A `5.0xx10^(4)` kg space probe is traveling at a speed of 11000 m/s through deep space. Auxiliary rockets are fired along the line of motion of reduce the probe's speed. The auxiliary rockets generate a force of `4.0xx10^(5)N` over a distance of 2500 km. What is the final speed of the probe ?

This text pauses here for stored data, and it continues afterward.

(* Assume case (i) as in the context, and let $t_0(y)=f(Ay)\vee f(1+2/A)$ for a fixed $A>3\vee(B-1)$. Then, uniformly in $h>0$ and $y>g(h)$, \[ \int_{t_0(y)}^\infty\big(\bar\Pi(g(s+h)-y)-\bar\Pi(g(s))\big)ds\lesssim y\,f'(y)\,\bar\Pi(y). \]
   Context: $\Pi$ is the Lévy measure of a subordinator, $\bar\Pi(x)=\Pi((x,\infty))$. $f:[0,\infty)\to(0,\infty)$ is increasing with $f(0)\in(0,1)$, $f(t)\to\infty$, and $g=f^{-1}$ extended by $g(x)=0$ on $[0,f(0))$. $a\lesssim b$ means $a\le Cb$ for a constant $C\in(0,\infty)$. Case (i): $\bar\Pi$ regularly varying at $\infty$ (i.e. $\bar\Pi(\lambda t)/\bar\Pi(t)\to\lambda^{-\alpha}$ for all $\lambda>0$) with index $-\alpha\in(-1,0)$, $\bar\Pi(x)=x^{-\alpha}L(x)$ with $L$ slowly varying, and there exist $B,N>0$ such that $x\mapsto x^NL(x)$ is non-decreasing on $(B,\infty)$; $f$ is differentiable, $tf'(t)\bar\Pi(t)$ decreases to $0$, $g(t+\varepsilon)/g(t)\to1$ for all $\varepsilon>0$, and $t\bar\Pi(g(t)/\log(t)^\beta)\to0$ for some $\beta>(1+2\alpha)/(2\alpha+\alpha^2)$. *)

From HB Require Import structures.
From mathcomp Require Import all_boot all_order all_algebra.
From mathcomp Require Import all_classical all_reals all_analysis.
Set Implicit Arguments. Unset Strict Implicit. Unset Printing Implicit Defensive.
Import Order.TTheory GRing.Theory Num.Theory.
Import numFieldNormedType.Exports.
Local Open Scope classical_set_scope.
Local Open Scope ring_scope.

Definition levy_measure_subordinator (R : realType)
  (Pi : {measure set R -> \bar R}) : Prop :=
  Pi [set x : R | x <= 0] = 0%E /\
  (\int[Pi]_(x in [set x : R | (0 < x)%R]) (Num.min 1%R x)%:E < +oo)%E.

(* tail function  Pibar x = Pi((x, oo)) (finite for x > 0 under the Levy condition) *)
Definition Pibar (R : realType) (Pi : {measure set R -> \bar R}) (x : R) : R :=
  fine (Pi [set y : R | x < y]).

Definition regularly_varying_index (R : realType) (F : R -> R) (alpha : R) : Prop :=
  forall lam : R, 0 < lam ->
    (fun t => F (lam * t) / F t) @ +oo --> lam `^ (- alpha).

(* Put u_j = u0 + j y with u0 = max (A y) (1 + 2 / A) - y, so that t0(y) = f u_1,
   and cut [t0(y), oo) into the pieces [f u_(j+1), f u_(j+2)).  On the j-th piece
   g s lies in [u_(j+1), u_(j+2)), so the integrand is at most
   Pibar u_j - Pibar (u_j + 2 y), while the piece has length y f'(xi) for some
   xi > u_(j+1); since t f'(t) Pibar(t) is nonincreasing, Pibar (u_j + 2 y) times
   this length is at most y K / (u_j + y), where K = y f'(y) Pibar(y).  For u_j > B
   the monotonicity of x^N L(x) gives
   Pibar u_j <= (1 + 2 y / u_j)^(N + alpha) Pibar (u_j + 2 y), which bounds the j-th
   term by a multiple of y K (1 / u_j - 1 / u_(j+1)); for u_j <= B the positivity of
   Pibar (2 B + 1) bounds it by a multiple of K (Pibar u_j - Pibar u_(j+2)).  Both
   bounds telescope. *)

From HB Require Import structures.
From mathcomp Require Import all_boot all_order all_algebra.
From mathcomp Require Import all_classical all_reals all_analysis.
From mathcomp Require Import lra ring measurable_realfun.
Set Implicit Arguments. Unset Strict Implicit. Unset Printing Implicit Defensive.
Import Order.TTheory GRing.Theory Num.Theory.
Import numFieldNormedType.Exports.
Local Open Scope classical_set_scope.
Local Open Scope ring_scope.

Section integral_bounds.
Local Open Scope ereal_scope.
Context d (T : measurableType d) (R : realType) (mu : {measure set T -> \bar R}).

Lemma ge0_le_integral_nonmeasurable (D : set T) (f1 f2 : T -> \bar R) :
  (forall x, D x -> 0 <= f1 x) -> (forall x, D x -> f1 x <= f2 x) ->
  \int[mu]_(x in D) f1 x <= \int[mu]_(x in D) f2 x.
Proof.
move=> f10 f12.
have f20 x : D x -> 0 <= f2 x by move=> Dx; exact: le_trans (f10 x Dx) (f12 x Dx).
rewrite (ge0_integralE mu f10) (ge0_integralE mu f20).
apply: ereal_sup_le => _ [h hf1 <-]; exists h => //= x.
apply: le_trans (hf1 x) _; rewrite /patch; case: ifP => // /[1!inE]; exact: f12.
Qed.

Lemma integral_le_funepos (D : set T) (f : T -> \bar R) :
  \int[mu]_(x in D) f x <= \int[mu]_(x in D) f^\+ x.
Proof.
rewrite [leLHS]integralE -[leRHS]adde0 leeD // oppe_le0.
by apply: integral_ge0 => x _; exact: funeneg_ge0.
Qed.

(* phi need not be measurable: the integral is bounded through its positive part. *)
Lemma integral_le_cover (D : set T) (S : nat -> set T) (phi : T -> R)
    (b l : nat -> R) (E : R) :
  measurable D -> (forall j, measurable (S j)) ->
  (forall j, (0 <= b j)%R) -> (forall j, mu (S j) <= (l j)%:E) ->
  (forall x, D x -> exists2 j, S j x & (phi x <= b j)%R) ->
  (forall n, (\sum_(j < n) b j * l j <= E)%R) ->
  \int[mu]_(x in D) (phi x)%:E <= E%:E.
Proof.
move=> mD mS b0 Sl cover sumE.
pose t j x := (b j)%:E * (\1_(S j) x)%:E.
have t0 j x : 0 <= t j x by apply: mule_ge0; rewrite lee_fin ?indic_ge0.
have mt j : measurable_fun D (fun x => t j x).
  apply: emeasurable_funM; first exact: measurable_cst.
  by apply/measurable_EFinP; exact: measurable_indic.
apply: le_trans (integral_le_funepos D (fun x => (phi x)%:E)) _.
apply: le_trans (ge0_le_integral_nonmeasurable (f2 := fun x => \sum_(j <oo) t j x) _ _) _.
- by move=> x _; exact: funepos_ge0.
- move=> x Dx; have [j Sjx phib] := cover x Dx.
  rewrite funeposE ge_max nneseries_ge0 ?andbT; last by move=> n _ _; exact: t0.
  apply: le_trans (nneseries_lim_ge (m := 0%N) j.+1 (fun n _ _ => t0 n x)).
  rewrite big_nat_recr //= -[leLHS]add0e; apply: leeD; first exact: sume_ge0.
  by rewrite /t indicE mem_set // mule1 lee_fin.
rewrite integral_nneseries //.
have tl j : \int[mu]_(x in D) t j x <= ((b j * l j)%R)%:E.
  rewrite ge0_integralZl_EFin //; last by apply/measurable_EFinP; exact: measurable_indic.
  rewrite integral_indic // EFinM; apply: lee_pmul; rewrite ?lee_fin //.
  apply: le_trans (Sl j); apply: le_measure; rewrite ?inE; last by move=> x [].
  - exact: measurableI.
  - exact: mS.
apply: le_trans (lee_nneseries (v := fun j => ((b j * l j)%R)%:E) _ _) _.
- by move=> n _ _; apply: integral_ge0 => x _; exact: t0.
- by move=> n _; exact: tl.
apply: lime_le.
  apply: is_cvg_nneseries => n _ _.
  by rewrite lee_fin mulr_ge0 // -lee_fin (le_trans _ (Sl n)).
by apply: nearW => n; rewrite big_mkord sumEFin lee_fin.
Qed.

End integral_bounds.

To find the final speed of the space probe after the auxiliary rockets have fired, we can use the work-energy principle. The work done by the rockets will change the kinetic energy of the probe. ### Step-by-Step Solution: 1. **Identify the Given Values:** - Mass of the space probe, \( m = 5.0 \times 10^4 \) kg - Initial speed of the probe, \( u = 11000 \) m/s - Force exerted by the rockets, \( F = 4.0 \times 10^5 \) N - Distance over which the force is applied, \( d = 2500 \) km = \( 2500 \times 1000 = 2.5 \times 10^6 \) m 2. **Calculate the Work Done by the Rockets:** The work done \( W \) by the rockets can be calculated using the formula: \[ W = F \times d \] Substituting the values: \[ W = 4.0 \times 10^5 \, \text{N} \times 2.5 \times 10^6 \, \text{m} = 1.0 \times 10^{12} \, \text{J} \] 3. **Calculate the Initial Kinetic Energy:** The initial kinetic energy \( KE_i \) of the probe is given by: \[ KE_i = \frac{1}{2} m u^2 \] Substituting the values: \[ KE_i = \frac{1}{2} \times 5.0 \times 10^4 \, \text{kg} \times (11000 \, \text{m/s})^2 \] \[ KE_i = \frac{1}{2} \times 5.0 \times 10^4 \times 1.21 \times 10^8 = 3.025 \times 10^{12} \, \text{J} \] 4. **Calculate the Final Kinetic Energy:** The work done by the rockets will reduce the kinetic energy of the probe. Therefore, the final kinetic energy \( KE_f \) can be expressed as: \[ KE_f = KE_i - W \] Substituting the values: \[ KE_f = 3.025 \times 10^{12} \, \text{J} - 1.0 \times 10^{12} \, \text{J} = 2.025 \times 10^{12} \, \text{J} \] 5. **Calculate the Final Speed:** The final kinetic energy can also be expressed in terms of the final speed \( v \): \[ KE_f = \frac{1}{2} m v^2 \] Setting the two expressions for kinetic energy equal: \[ 2.025 \times 10^{12} = \frac{1}{2} \times 5.0 \times 10^4 \times v^2 \] Rearranging to solve for \( v^2 \): \[ v^2 = \frac{2 \times 2.025 \times 10^{12}}{5.0 \times 10^4} \] \[ v^2 = \frac{4.05 \times 10^{12}}{5.0 \times 10^4} = 8.1 \times 10^7 \] Taking the square root: \[ v = \sqrt{8.1 \times 10^7} \approx 9000 \, \text{m/s} \] ### Final Answer: The final speed of the probe is approximately **9000 m/s**.